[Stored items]
☆ ☆ ☆ ☆
Lemma rand_subgraph_prob_le_mean n (E : {set {set 'I_n}}) (p : RealT)
    (A : {set {set 'I_n}} -> Prop) (g : {set {set 'I_n}} -> RealT) :
  0 <= p <= 1 ->
  (forall F : {set {set 'I_n}}, F \subset E -> 0 <= g F) ->
  (forall F : {set {set 'I_n}}, F \subset E -> A F -> 1 <= g F) ->
  rand_subgraph_prob E p A <=
  \sum_(F : {set {set 'I_n}} | F \subset E) bernoulli_weight E p F * g F.
Proof.
move=> p01 g_ge0 g_ge1; apply: ler_sum => F sFE.
have w_ge0 := bernoulli_weight_ge0 E F p01.
case: asboolP => [AF|_]; last exact: mulr_ge0 (g_ge0 F sFE).
by rewrite -{1}(mulr1 (_ * _)); apply: ler_wpM2l => //; apply: g_ge1.
Qed.

Lemma ln2_gt0 (R : realType) : 0 < ln (2 : R).
Proof. by apply: ln_gt0; lra. Qed.

Lemma log2_ge1 n : (2 <= n)%N -> 1 <= log2 n%:R.
Proof.
move=> n_ge2; rewrite /log2 ler_pdivlMr ?ln2_gt0 // mul1r.
have : (2 : RealT) <= n%:R by rewrite (ler_nat RealT 2 n).
by move=> n_ge2R; rewrite ler_ln // posrE; lra.
Qed.

Lemma ln_le_2log2 n : (2 <= n)%N -> ln (n%:R : RealT) <= 2 * log2 n%:R.
Proof.
move=> n_ge2; have ln2_pos := ln2_gt0 RealT.
have ln2_lt2 : ln (2 : RealT) < 2 by apply: ln_sublinear; lra.
have -> : ln (n%:R : RealT) = log2 n%:R * ln 2 by rewrite /log2 mulrVK // unitfE; lra.
by have := log2_ge1 n_ge2; nra.
Qed.

Lemma code_count_decay n (p s : RealT) : (2 <= n)%N ->
  10%:R ^+ 5 * (log2 n%:R) ^+ 3 <= p * s ->
  (n * n.+1)%:R * expR (- (p * s / 4)) <= 1 / n%:R ^+ 2.
Proof.
move=> n_ge2 ps_large.
have L_ge1 := log2_ge1 n_ge2; have lnn_le := ln_le_2log2 n_ge2.
set L := log2 n%:R in L_ge1 lnn_le ps_large.
have n_gt0 : (0 : RealT) < n%:R by rewrite ltr0n; lia.
have n5_le : n%:R ^+ 5 <= expR (p * s / 4).
  rewrite -[n%:R ^+ 5]lnK ?posrE ?exprn_gt0 // lnXn // ler_expR.
  have L_le_L3 : L <= L ^+ 3 by rewrite !exprS expr0 mulr1; nra.
  have c40 : (40 : RealT) <= 10%:R ^+ 5 by rewrite -natrX ler_nat.
  have : 40 * L ^+ 3 <= p * s by apply: le_trans ps_large; apply: ler_wpM2r; nra.
  by rewrite -mulr_natr; lra.
have count_le : (n * n.+1)%:R * n%:R ^+ 2 <= n%:R ^+ 5 :> RealT.
  by rewrite -!natrX -natrM ler_nat !expnS expn0; nia.
rewrite ler_pdivlMr ?exprn_gt0 // mulrAC expRN.
by rewrite ler_pdivrMr ?expR_gt0 // mul1r; exact: le_trans count_le n5_le.
Qed.
Lemma qform_scale_sub M t u v :
  qform M (t *: u - v) (t *: u - v) =
  t ^+ 2 * qform M u u - t * qform M u v - t * qform M v u + qform M v v.
Proof.
rewrite /qform.
have -> : (t *: u - v)^T = t *: u^T - v^T by apply/matrixP => i j; rewrite !mxE.
rewrite !(mulmxBl, mulmxBr) -!scalemxAl -!scalemxAr !(mxE, scalerA).
ring.
Qed.

Lemma qform_AMGM M t u v :
  M^T = M -> (forall x, 0 <= qform M x x) -> 0 < t ->
  2 * qform M u v <= t * qform M u u + qform M v v / t.
Proof.
move=> sym_M psd_M t_gt0.
have := psd_M (t *: u - v); rewrite qform_scale_sub (qformC v u sym_M) => psd_tuv.
rewrite -(ler_pM2r t_gt0) [leRHS]mulrDl divfK ?gt_eqF //.
nra.
Qed.

Definition sqnorm x : R := (x^T *m x) 0 0.

Lemma sqnormE x : sqnorm x = \sum_i x i 0 ^+ 2.
Proof. by rewrite /sqnorm mxE; apply: eq_bigr => i _; rewrite mxE expr2. Qed.

Lemma sqnorm_ge0 x : 0 <= sqnorm x.
Proof. by rewrite sqnormE sumr_ge0 // => i _; rewrite sqr_ge0. Qed.

Lemma coord_sqr_le_sqnorm x i : x i 0 ^+ 2 <= sqnorm x.
Proof. by rewrite sqnormE (bigD1 i) //= lerDl sumr_ge0 // => j _; rewrite sqr_ge0. Qed.

Lemma sqnorm_gt0 x : x != 0 -> 0 < sqnorm x.
Proof.
apply: contraNT; rewrite -leNgt => x_le0; apply/eqP/matrixP => i j.
rewrite (ord1 j) !mxE; apply/eqP; rewrite -sqrf_eq0 eq_le sqr_ge0 andbT.
exact: le_trans (coord_sqr_le_sqnorm x i) x_le0.
Qed.

Lemma sqnormN x : sqnorm (- x) = sqnorm x.
Proof.
rewrite /sqnorm; have -> : (- x)^T = - x^T by apply/matrixP => i j; rewrite !mxE.
by rewrite mulNmx mulmxN opprK.
Qed.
☆ ☆ ☆ ☆
Task instructions –
Copy out the lines beginning at the one that contains "by rewrite ler_pdivrMr". Stop at the final line of the data, and include it.

Solution for this exercise –
by rewrite ler_pdivrMr ?expR_gt0 // mul1r; exact: le_trans count_le n5_le.
Qed.
Lemma qform_scale_sub M t u v :
  qform M (t *: u - v) (t *: u - v) =
  t ^+ 2 * qform M u u - t * qform M u v - t * qform M v u + qform M v v.
Proof.
rewrite /qform.
have -> : (t *: u - v)^T = t *: u^T - v^T by apply/matrixP => i j; rewrite !mxE.
rewrite !(mulmxBl, mulmxBr) -!scalemxAl -!scalemxAr !(mxE, scalerA).
ring.
Qed.

Lemma qform_AMGM M t u v :
  M^T = M -> (forall x, 0 <= qform M x x) -> 0 < t ->
  2 * qform M u v <= t * qform M u u + qform M v v / t.
Proof.
move=> sym_M psd_M t_gt0.
have := psd_M (t *: u - v); rewrite qform_scale_sub (qformC v u sym_M) => psd_tuv.
rewrite -(ler_pM2r t_gt0) [leRHS]mulrDl divfK ?gt_eqF //.
nra.
Qed.

Definition sqnorm x : R := (x^T *m x) 0 0.

Lemma sqnormE x : sqnorm x = \sum_i x i 0 ^+ 2.
Proof. by rewrite /sqnorm mxE; apply: eq_bigr => i _; rewrite mxE expr2. Qed.

Lemma sqnorm_ge0 x : 0 <= sqnorm x.
Proof. by rewrite sqnormE sumr_ge0 // => i _; rewrite sqr_ge0. Qed.

Lemma coord_sqr_le_sqnorm x i : x i 0 ^+ 2 <= sqnorm x.
Proof. by rewrite sqnormE (bigD1 i) //= lerDl sumr_ge0 // => j _; rewrite sqr_ge0. Qed.

Lemma sqnorm_gt0 x : x != 0 -> 0 < sqnorm x.
Proof.
apply: contraNT; rewrite -leNgt => x_le0; apply/eqP/matrixP => i j.
rewrite (ord1 j) !mxE; apply/eqP; rewrite -sqrf_eq0 eq_le sqr_ge0 andbT.
exact: le_trans (coord_sqr_le_sqnorm x i) x_le0.
Qed.

Lemma sqnormN x : sqnorm (- x) = sqnorm x.
Proof.
rewrite /sqnorm; have -> : (- x)^T = - x^T by apply/matrixP => i j; rewrite !mxE.
by rewrite mulNmx mulmxN opprK.
Qed.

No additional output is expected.